TASK INSTRUCTIONS:
Every line that includes the word "Lemma" needs to be copied from the listing.

RECORDS:
(* A shortest path from the head to the tail of [k] avoiding [k], closed up by [k],
   is a cycle; it has at least three vertices because [E] has no loops and no
   parallel edges. *)
Lemma acyclic_bridge k : ~~ connect (adj_in E (~: [set k])) (E k).2 (E k).1.
Proof.
case: simpleE => noloop noparallel.
have Ek : E k = ((E k).1, (E k).2) by case: (E k).
apply/negP => /connectP[s0 path0 last0].
case: (shortenP path0) last0 => s path_s uniq_s _ last_s.
case: s => [|v [|v' s]] in path_s uniq_s last_s.
- by move: (noloop k); rewrite last_s eqxx.
- move: path_s => /= /andP[/existsP[l /andP[lS hl]] _].
  have kl : k != l by move: lS; rewrite !inE eq_sym.
  rewrite /= in last_s; rewrite -last_s in hl.
  by case/orP: hl => /eqP El; apply: (noparallel _ _ kl); [right | left]; rewrite Ek El.
- have cyc : cycle (adj_in E [set: 'I_m]) [:: (E k).2, v, v' & s].
    rewrite /cycle rcons_path; apply/andP; split.
      apply: sub_path path_s => x y /existsP[l /andP[_ hl]].
      by apply/existsP; exists l; rewrite inE.
    by rewrite -last_s; apply/existsP; exists k; rewrite inE {1}Ek eqxx.
  by move: (acyclicE uniq_s isT); rewrite cyc.
Qed.

Lemma mulmx_incidence (R : realType) (w : 'cV[R]_n) l :
  (incidence R E *m w) l 0 = w (E l).2 0 - w (E l).1 0.
Proof.
have pick (x : 'I_n) (f : 'I_n -> R) : \sum_i (i == x)%:R * f i = f x.
  by rewrite (bigD1 x) //= eqxx mul1r big1 ?addr0 // => i /negbTE ->; rewrite mul0r.
by rewrite mxE; under eq_bigr do rewrite !mxE mulrBl; rewrite sumrB !pick.
Qed.

Lemma incidence_cut_vector (R : realType) k :
  exists w : 'cV[R]_n, incidence R E *m w = delta_mx k 0.
Proof.
pose S := ~: [set k]; have symS := sym_connect_sym (adj_in_sym S).
exists (\col_v (connect (adj_in E S) (E k).2 v)%:R).
apply/matrixP => l j; rewrite (ord1 j) mulmx_incidence !mxE.
have [->|lk] := eqVneq l k.
  by rewrite connect0 (negbTE (acyclic_bridge k)) !eqxx subr0.
have adj_l : adj_in E S (E l).1 (E l).2.
  by apply/existsP; exists l; rewrite !inE lk -surjective_pairing eqxx.
by rewrite (symS _ (E l).2) (symS _ (E l).1) (same_connect1 symS adj_l) subrr.
Qed.

End Bridges.

Lemma common_PE_constants (R : realType) (I : finType) (T_ mu_ : I -> R) :
  (forall i, 0 < T_ i /\ 0 < mu_ i) ->
  exists T mu : R, [/\ 0 < T, 0 < mu, forall i, T_ i <= T & forall i, mu <= mu_ i].
Proof.
move=> pos.
have le_sum (F : I -> R) i : (forall j, 0 <= F j) -> F i <= \sum_j F j.
  by move=> F0; rewrite (bigD1 i) //= lerDl sumr_ge0.
have T_ge0 i : 0 <= T_ i by exact/ltW/(pos i).1.
have mu_Vge0 i : 0 <= (mu_ i)^-1 by rewrite invr_ge0; exact/ltW/(pos i).2.
have ST_ge0 : 0 <= \sum_i T_ i by exact: sumr_ge0.
have SmuV_ge0 : 0 <= \sum_i (mu_ i)^-1 by exact: sumr_ge0.
exists (1 + \sum_i T_ i), (1 + \sum_i (mu_ i)^-1)^-1; split.
- lra.
- by rewrite invr_gt0; lra.
- by move=> i; have := le_sum _ i T_ge0; lra.
move=> i; rewrite -[mu_ i]invrK lef_pV2 ?posrE ?invr_gt0 ?(pos i).2 //; last lra.
by have := le_sum _ i mu_Vge0; lra.
Qed.

Section PersistentExcitation.
Variables (R : realType) (d n m : nat) (E : edge_list n m).
Variable p : R -> 'cV[R]_(n * d).
Hypothesis mp : forall r, measurable_fun setT (fun t => p t r 0).

Lemma PE_dir_of_PE_LB k : simple_graph E -> acyclic E ->
  PE_LB E p -> PE_dir (fun t => bearing E (p t) k).
Proof.
move=> simpleE acyclicE [T [mu [T0 [mu0 PE]]]].
have [w Hw] := incidence_cut_vector simpleE acyclicE R k.
exists T, mu; do 2 split => //; move=> t z.
have blocks l : col_block (Hbar R d E *m (w *t z)) l = (l == k)%:R *: z.
  by rewrite Hbar_tens Hw col_block_tens_delta.
have single (F : 'I_m -> 'M[R]_d) :
    \sum_l (((l == k)%:R *: z)^T *m F l *m ((l == k)%:R *: z)) 0 0 =
    (z^T *m F k *m z) 0 0.
  rewrite (bigD1 k) //= eqxx scale1r big1 ?addr0 // => l /negbTE ->.
  by rewrite scale0r mulmx0 mxE.
have := PE t (w *t z).
rewrite mulmx_formZ form_Lap (form_mxint _ _ _ _ (bounded_measurable_LapB E mp)).
under eq_bigr do rewrite blocks -[_^T]mulmx1.
under eq_Rintegral do rewrite form_LapB.
under eq_Rintegral do under eq_bigr do rewrite blocks.
rewrite single; under eq_Rintegral do rewrite single.
by rewrite -(form_mxint _ _ _ _ (bounded_measurable_proj_bearing E mp k)) mulmx_formZ.
Qed.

WRITTEN ANSWER:
Lemma acyclic_bridge k : ~~ connect (adj_in E (~: [set k])) (E k).2 (E k).1.
Lemma mulmx_incidence (R : realType) (w : 'cV[R]_n) l :
Lemma incidence_cut_vector (R : realType) k :
Lemma common_PE_constants (R : realType) (I : finType) (T_ mu_ : I -> R) :
Lemma PE_dir_of_PE_LB k : simple_graph E -> acyclic E ->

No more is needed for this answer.